### Assignment:
Copy the result of filtering the entries below for lines that include the string "SquarefreeMonomials".

┌──

(* Let $\mathcal{C}$ be a clutter whose vertex set is a subset of $\{x_1,\dots,x_n\}$, $S=\mathbb{K}[x_1,\dots,x_n]$ with $\mathbb{K}$ a field. If $\{e_1,\dots,e_s\}$ is a 2-collage in $\mathcal{C}$, then \[ \operatorname{sreg}(S/I(\mathcal{C}))\le\sum_{i=1}^s(|e_i|-1). \]
   Context: A clutter $\mathcal{C}$ consists of a finite vertex set and a collection $E(\mathcal{C})$ of subsets (edges), no edge containing another; vertices are identified with variables and $I(\mathcal{C})=(\prod_{x\in e}x : e\in E(\mathcal{C}))$ is the edge ideal. A 2-collage for $\mathcal{C}$ is a subset $C\subseteq E(\mathcal{C})$ such that for each $e\in E(\mathcal{C})$ there is a vertex $v$ with $e\setminus\{v\}$ contained in some edge of $C$. Stanley regularity: for a squarefree monomial ideal $I\subset S$, a squarefree Stanley decomposition of $S/I$ is a decomposition $S/I=\bigoplus_{i=1}^r u_i\mathbb{K}[Z_i]$ as $\mathbb{K}$-vector spaces, where $Z_i\subseteq\{x_1,\dots,x_n\}$, $u_i$ are (images of) squarefree monomials with $\operatorname{supp}(u_i)\subseteq Z_i$, and each $u_i\mathbb{K}[Z_i]$ is free over $\mathbb{K}[Z_i]$. Its Stanley regularity is $\max_i\deg(u_i)$, and $\operatorname{sreg}(S/I)$ is the minimum over all such decompositions. *)

From HB Require Import structures.
From mathcomp Require Import all_boot all_algebra.
From mathcomp Require Import mpoly.
Set Implicit Arguments. Unset Strict Implicit. Unset Printing Implicit Defensive.
Import GRing.Theory.
Local Open Scope ring_scope.

Definition is_clutter (n : nat) (V : {set 'I_n}) (E : {set {set 'I_n}}) : Prop :=
  (forall e, e \in E -> e \subset V) /\
  (forall e f, e \in E -> f \in E -> e \subset f -> e = f).

Definition two_collage (n : nat) (V : {set 'I_n}) (E C : {set {set 'I_n}}) : Prop :=
  C \subset E /\
  (forall e, e \in E -> exists v, v \in V /\ exists2 c, c \in C & e :\ v \subset c).

Definition sqmon (K : fieldType) (n : nat) (A : {set 'I_n}) : {mpoly K[n]} :=
  \prod_(i in A) 'X_i.

Definition in_edge_ideal (K : fieldType) (n : nat) (E : {set {set 'I_n}})
    (g : {mpoly K[n]}) : Prop :=
  exists h : {set 'I_n} -> {mpoly K[n]}, g = \sum_(e in E) h e * sqmon K e.

Definition in_subring (K : fieldType) (n : nat) (Z : {set 'I_n})
    (p : {mpoly K[n]}) : Prop :=
  forall m, m \in msupp p -> forall i : 'I_n, i \notin Z -> m i = 0%N.

(* A squarefree Stanley decomposition S/I = (+)_{i<r} u_i K[Z_i], with
   u_i = sqmon (U i), supp(u_i) = U i ⊆ Z i, is given by r, U, Z such that the
   K-linear map  (f_i)_i in prod_i K[Z_i]  |->  sum_i u_i f_i  mod I
   is a bijection onto S/I (surjectivity = the summands span S/I;
   injectivity = the sum is direct and each u_i K[Z_i] is free over K[Z_i]). *)
Definition stanley_decomposition (K : fieldType) (n : nat) (E : {set {set 'I_n}})
    (r : nat) (U Z : 'I_r -> {set 'I_n}) : Prop :=
  (forall i, U i \subset Z i) /\
  (forall g : {mpoly K[n]}, exists f : 'I_r -> {mpoly K[n]},
      (forall i, in_subring (Z i) (f i)) /\
      in_edge_ideal E (g - \sum_(i < r) sqmon K (U i) * f i)) /\
  (forall f : 'I_r -> {mpoly K[n]},
      (forall i, in_subring (Z i) (f i)) ->
      in_edge_ideal E (\sum_(i < r) sqmon K (U i) * f i) ->
      forall i, f i = 0).

(* sreg(S/I(C)) <= b : some squarefree Stanley decomposition has Stanley
   regularity max_i deg(u_i) = max_i #|U i| at most b. *)
Definition sreg_le (K : fieldType) (n : nat) (E : {set {set 'I_n}}) (b : nat) : Prop :=
  exists r (U Z : 'I_r -> {set 'I_n}),
    stanley_decomposition K E U Z /\ forall i, (#|U i| <= b)%N.

(* Let W be the union of the edges of the 2-collage C. The monomials outside
   I(C) are those whose support is a face, i.e. contains no edge. Every face F
   lies in exactly one interval [G, Z_G] with G a face inside W, namely for
   G = F ∩ W, where Z_G = G ∪ {u ∉ W | G ∪ {u} is a face}; conversely every set
   of such an interval is a face, because an edge has at most one vertex outside
   W. A partition of the faces into intervals [G, Z] gives the Stanley
   decomposition ⊕ x_G K[Z], of regularity max |G|; and a face G ⊆ W misses a
   vertex of every c ∈ C, so |G| ≤ Σ_{c ∈ C} (|c| - 1). *)
From HB Require Import structures.
From mathcomp Require Import all_boot all_algebra.
From mathcomp Require Import mpoly.
From mathcomp Require Import zify.
Set Implicit Arguments. Unset Strict Implicit. Unset Printing Implicit Defensive.
Import GRing.Theory.
Local Open Scope ring_scope.

Section SquarefreeMonomials.
Variables (K : fieldType) (n : nat).
Implicit Types (A B F G Z : {set 'I_n}) (p q : {mpoly K[n]}) (m : 'X_{1..n}).

Definition mset A : 'X_{1..n} := [multinom ((i \in A) : nat) | i < n].

Definition supp m := [set i | m i != 0%N].

Lemma msetE A i : mset A i = (i \in A).
Proof. by rewrite mnmE. Qed.

Lemma sqmonE A : sqmon K A = 'X_[mset A].
Proof.
rewrite /sqmon mprodXE; congr mpolyX; apply/mnmP => i.
rewrite mnm_sumE msetE; case: (boolP (i \in A)) => iA.
  rewrite (bigD1 i) //= mnm1E eqxx big1 ?addn0 // => j /andP[_ ji].
  by rewrite mnm1E (negbTE ji).
rewrite big1 // => j jA; rewrite mnm1E; apply/eqP; rewrite eqb0.
by apply: contraNN iA => /eqP <-.
Qed.

Lemma lem_mset A m : (mset A <= m)%MM = (A \subset supp m).
Proof.
apply/mnm_lepP/subsetP => [le_Am i iA|sub_A i]; rewrite ?inE.
  by have := le_Am i; rewrite msetE iA -lt0n.
by rewrite msetE; case: (boolP (i \in A)) => // /sub_A; rewrite inE lt0n.
Qed.

Lemma supp_subm m m' : supp (m - m')%MM \subset supp m.
Proof. by apply/subsetP => i; rewrite !inE mnmBE; apply: contraNN => /eqP ->. Qed.

Lemma mcoeffMX_cond p m k :
  (p * 'X_[m])@_k = if (m <= k)%MM then p@_(k - m)%MM else 0.
Proof.
case: ifP => le_mk; first by rewrite -{1}(submK le_mk) addmC mcoeffMX.
apply/eqP; rewrite mcoeff_eq0; apply/negP.
rewrite (perm_mem (msuppMX _ _)) => /mapP[m' _ km].
by rewrite km lem_addr in le_mk.
Qed.

Lemma in_subringP Z p :
  in_subring Z p <-> forall m, m \in msupp p -> supp m \subset Z.
Proof.
split=> [sub_p m /sub_p mZ | sub_p m /sub_p /subsetP mZ i iZ].
  by apply/subsetP => i; rewrite inE; apply: contraNT => /mZ ->.
by apply/eqP; apply: contraNT iZ => mi; apply: mZ; rewrite inE.
Qed.

Lemma mcoeff_sqmonM_supp A Z p m :
  A \subset Z -> in_subring Z p -> (sqmon K A * p)@_m != 0 ->
  (A \subset supp m) && (supp m \subset Z).
Proof.
move=> AZ /in_subringP sub_p; rewrite mulrC sqmonE mcoeffMX_cond.
case: ifP => [le_Am|]; last by rewrite eqxx.
rewrite -mcoeff_msupp => /sub_p /subsetP sub_mA; rewrite -lem_mset le_Am /=.
apply/subsetP => i mi; case: (boolP (i \in A)) => [/(subsetP AZ) //|iA].
by apply: sub_mA; rewrite inE mnmBE msetE (negbTE iA) subn0; rewrite inE in mi.
Qed.

Section EdgeIdeal.
Variable E : {set {set 'I_n}}.

Lemma edge_ideal0 : in_edge_ideal E (0 : {mpoly K[n]}).
Proof. by exists (fun _ => 0); rewrite big1 // => e _; rewrite mul0r. Qed.

Lemma edge_idealD p q :
  in_edge_ideal E p -> in_edge_ideal E q -> in_edge_ideal E (p + q).
Proof.
move=> [h1 ->] [h2 ->]; exists (fun e => h1 e + h2 e).
by rewrite -big_split /=; apply: eq_bigr => e _; rewrite mulrDl.
Qed.

Lemma edge_idealMl p q : in_edge_ideal E q -> in_edge_ideal E (p * q).
Proof.
move=> [h ->]; exists (fun e => p * h e).
by rewrite mulr_sumr; apply: eq_bigr => e _; rewrite mulrA.
Qed.

Lemma edge_ideal_sum (T : Type) (r : seq T) (P : pred T) (F : T -> {mpoly K[n]}) :
  (forall x, P x -> in_edge_ideal E (F x)) ->
  in_edge_ideal E (\sum_(x <- r | P x) F x).
Proof.
move=> FE; elim/big_rec: _ => [|x y Px Ey]; first exact: edge_ideal0.
exact: edge_idealD (FE _ Px) Ey.
Qed.

Lemma edge_ideal_sqmon e : e \in E -> in_edge_ideal E (sqmon K e).
Proof.
move=> eE; exists (fun f => (f == e)%:R).
rewrite (bigD1 e) //= eqxx mul1r big1 ?addr0 // => f /andP[_ /negbTE ->].
by rewrite mul0r.
Qed.

Definition face A := [forall e in E, ~~ (e \subset A)].

Lemma faceP A : reflect (forall e, e \in E -> ~~ (e \subset A)) (face A).
Proof. exact: forall_inP. Qed.

Lemma face_subset A B : A \subset B -> face B -> face A.
Proof.
move=> AB /faceP faceB; apply/faceP => e eE.
by apply: contra (faceB e eE) => /subset_trans; apply.
Qed.

Lemma edge_ideal_msupp p m :
  in_edge_ideal E p -> m \in msupp p -> ~~ face (supp m).
Proof.
move=> [h ->]; rewrite mcoeff_msupp; apply: contraNN => /faceP faceM.
rewrite raddf_sum /=; apply/eqP; apply: big1 => e eE.
by rewrite sqmonE mcoeffMX_cond lem_mset (negbTE (faceM e eE)).
Qed.

Lemma edge_idealX m : ~~ face (supp m) -> in_edge_ideal E ('X_[m] : {mpoly K[n]}).
Proof.
case/forall_inPn => e eE /negPn sub_e.
rewrite -(submK (_ : mset e <= m)%MM) ?lem_mset // mpolyXD -sqmonE.
exact/edge_idealMl/edge_ideal_sqmon.
Qed.

End EdgeIdeal.

Definition in_interval G Z F := (G \subset F) && (F \subset Z).

Section IntervalPartition.
Variables (E : {set {set 'I_n}}) (r : nat) (U Z : 'I_r -> {set 'I_n}).
Hypothesis subUZ : forall i, U i \subset Z i.
Hypothesis interval_face : forall i F, in_interval (U i) (Z i) F -> face E F.
Hypothesis face_in_interval : forall F, face E F -> exists i, in_interval (U i) (Z i) F.
Hypothesis in_interval_inj :
  forall i j F, in_interval (U i) (Z i) F -> in_interval (U j) (Z j) F -> i = j.

Lemma in_interval_pred1 F i :
  in_interval (U i) (Z i) F -> (fun j => in_interval (U j) (Z j) F) =1 pred1 i.
Proof.
move=> Fi j /=; apply/idP/eqP => [Fj|->//].
exact: in_interval_inj Fj Fi.
Qed.

Lemma interval_decomposition_spans (g : {mpoly K[n]}) :
  exists f : 'I_r -> {mpoly K[n]}, (forall i, in_subring (Z i) (f i)) /\
    in_edge_ideal E (g - \sum_(i < r) sqmon K (U i) * f i).
Proof.
pose f i := \sum_(m <- msupp g | face E (supp m) && in_interval (U i) (Z i) (supp m))
  g@_m *: ('X_[m - mset (U i)] : {mpoly K[n]}).
exists f; split.
  move=> i; apply/in_subringP => m' /msupp_sum_le /flattenP [s /mapP [m]].
  rewrite mem_filter => /andP[/andP[_ /andP[_ mZ]] _] -> /msuppZ_le.
  by rewrite msuppX mem_seq1 => /eqP ->; apply: subset_trans mZ; apply: supp_subm.
have -> : \sum_(i < r) sqmon K (U i) * f i =
          \sum_(m <- msupp g | face E (supp m)) g@_m *: 'X_[m].
  rewrite (eq_bigr (fun i => \sum_(m <- msupp g | face E (supp m) &&
             in_interval (U i) (Z i) (supp m)) g@_m *: 'X_[m])); last first.
    move=> i _; rewrite mulr_sumr; apply: eq_bigr => m /andP[_ /andP[Um _]].
    by rewrite sqmonE -scalerAr -mpolyXD addmC submK // lem_mset.
  rewrite (exchange_big_dep (fun m => face E (supp m))) => [|i m _ /andP[] //] /=.
  apply: eq_bigr => m faceM; have [i0 Fi0] := face_in_interval faceM.
  by rewrite (big_pred1 i0) // => j /=; rewrite faceM; apply: in_interval_pred1.
rewrite {1}(mpolyE g) (bigID (fun m => face E (supp m))) /= [X in X - _]addrC addrK.
apply: edge_ideal_sum => m nonface.
by rewrite -mul_mpolyC; apply/edge_idealMl/edge_idealX.
Qed.

Lemma interval_decomposition_free (f : 'I_r -> {mpoly K[n]}) :
  (forall i, in_subring (Z i) (f i)) ->
  in_edge_ideal E (\sum_(i < r) sqmon K (U i) * f i) -> forall i, f i = 0.
Proof.
move=> subf sumE i0; apply/eqP; apply: contraT; rewrite -msupp_eq0.
case def_s: (msupp (f i0)) => [//|m' s] _.
pose m := (mset (U i0) + m')%MM.
have coef_i0 : (sqmon K (U i0) * f i0)@_m != 0.
  by rewrite mulrC sqmonE mcoeffMX -mcoeff_msupp def_s mem_head.
have mi0 := mcoeff_sqmonM_supp (subUZ i0) (subf i0) coef_i0.
have : m \in msupp (\sum_(i < r) sqmon K (U i) * f i).
  rewrite mcoeff_msupp raddf_sum (bigD1 i0) //= big1 ?addr0 // => j ji0.
  apply/eqP; apply: contraNT ji0 => /(mcoeff_sqmonM_supp (subUZ j) (subf j)) mj.
  by apply/eqP; apply: in_interval_inj mj mi0.
by move/(edge_ideal_msupp sumE); rewrite (interval_face mi0).
Qed.

Lemma stanley_decomposition_of_intervals : stanley_decomposition K E U Z.
Proof.
split; first exact: subUZ.
split; [exact: interval_decomposition_spans | exact: interval_decomposition_free].
Qed.

End IntervalPartition.

Lemma card_face_le_cover (E C : {set {set 'I_n}}) G :
  C \subset E -> face E G -> G \subset cover C ->
  (#|G| <= \sum_(c in C) (#|c| - 1))%N.
Proof.
rewrite /cover => CE; elim/big_rec2: _ G => [G _|c s W cC IH G faceG GW].
  by rewrite subset0 => /eqP ->; rewrite cards0.
have -> : G = (G :&: c) :|: (G :&: W) by rewrite -setIUr; apply/esym/setIidPl.
have lt_Gc : (#|G :&: c| < #|c|)%N.
  apply: proper_card; rewrite properE subsetIr /=; apply/negP => cG.
  by move/faceP: faceG => /(_ c (subsetP CE c cC)); rewrite (subset_trans cG) ?subsetIl.
have le_GW : (#|G :&: W| <= s)%N.
  apply: IH; first by apply: face_subset faceG; apply: subsetIl.
  by apply/subsetP => x /setIP[xG xW]; move: (subsetP GW x xG); rewrite inE xW orbT.
rewrite cardsU; lia.
Qed.

Section Collage.
Variables (V : {set 'I_n}) (E C : {set {set 'I_n}}).
Hypothesis collageC : two_collage V E C.

Definition collage_top G := G :|: [set u | (u \notin cover C) && face E (u |: G)].

Lemma edge_outside_cover e :
  e \in E -> exists v, forall x, x \in e -> x \notin cover C -> x = v.
Proof.
case: collageC => _ collE /collE [v [_ [c cC sub_ec]]]; exists v => x xe.
apply: contraNeq => xv; apply/bigcupP; exists c => //.
by apply: (subsetP sub_ec); rewrite !inE xv.
Qed.

Lemma collage_interval_cover G F :
  G \subset cover C -> in_interval G (collage_top G) F -> F :&: cover C = G.
Proof.
move=> GW /andP[GF FZ]; apply/eqP; rewrite eqEsubset subsetI GF GW !andbT.
apply/subsetP => x /setIP[xF xW]; move: (subsetP FZ x xF).
by rewrite !inE xW /= orbF.
Qed.

Lemma collage_interval_face G F :
  G \subset cover C -> face E G -> in_interval G (collage_top G) F -> face E F.
Proof.
move=> GW faceG FGZ; have FWG := collage_interval_cover GW FGZ.
case/andP: FGZ => GF FZ; apply/faceP => e eE; apply/negP => eF.
have [eW | /subsetPn[u ue uW]] := boolP (e \subset cover C).
  by move/faceP: faceG => /(_ e eE)/negP; apply; rewrite -FWG subsetI eF eW.
move: (subsetP FZ u (subsetP eF u ue)); rewrite !inE (negbTE uW) /=.
case/orP => [uG | faceUG]; first by rewrite (subsetP GW u uG) in uW.
have [v onlyv] := edge_outside_cover eE.
move/faceP: faceUG => /(_ e eE)/negP; apply; apply/subsetP => x xe; rewrite !inE.
have [xW | xW] := boolP (x \in cover C).
  by rewrite -FWG inE xW (subsetP eF x xe) orbT.
by rewrite (onlyv x xe xW) (onlyv u ue uW) eqxx.
Qed.

Lemma face_in_collage_interval F :
  face E F -> in_interval (F :&: cover C) (collage_top (F :&: cover C)) F.
Proof.
move=> faceF; rewrite /in_interval subsetIl; apply/subsetP => x xF; rewrite !inE.
have [xW | xW] := boolP (x \in cover C); first by rewrite xF.
apply/orP; right; apply/andP; split=> //; apply: face_subset faceF.
by apply/subsetP => y; rewrite !inE; case/orP => [/eqP -> // | /andP[]].
Qed.

End Collage.
End SquarefreeMonomials.

Theorem theorem5p16 (K : fieldType) (n : nat) (V : {set 'I_n})
    (E C : {set {set 'I_n}}) :
  is_clutter V E -> two_collage V E C ->
  sreg_le K E (\sum_(e in C) (#|e| - 1))%N.
Proof.
move=> _ collageC; have [CE _] := collageC.
pose P := [set G : {set 'I_n} | (G \subset cover C) && face E G].
pose G (i : 'I_#|P|) : {set 'I_n} := enum_val i.
have GP i : (G i \subset cover C) && face E (G i) by have := enum_valP i; rewrite inE.
have GW i : G i \subset cover C by case/andP: (GP i).
have faceG i : face E (G i) by case/andP: (GP i).
exists #|P|, G, (fun i => collage_top E C (G i)); split=> [|i]; last first.
  exact: card_face_le_cover CE (faceG i) (GW i).
apply: stanley_decomposition_of_intervals => [i | i F | F faceF | i j F Fi Fj].
- exact: subsetUl.
- exact: (collage_interval_face collageC (GW i) (faceG i)).
- have FWP : F :&: cover C \in P.
    by rewrite inE subsetIr (face_subset (subsetIl _ _) faceF).
  exists (enum_rank_in FWP (F :&: cover C)); rewrite /G enum_rankK_in //.
  exact: face_in_collage_interval.
- apply: enum_val_inj; rewrite -[enum_val i]/(G i) -[enum_val j]/(G j).
  by rewrite -(collage_interval_cover (GW i) Fi) (collage_interval_cover (GW j) Fj).
Qed.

└──

### Result:
Section SquarefreeMonomials.
End SquarefreeMonomials.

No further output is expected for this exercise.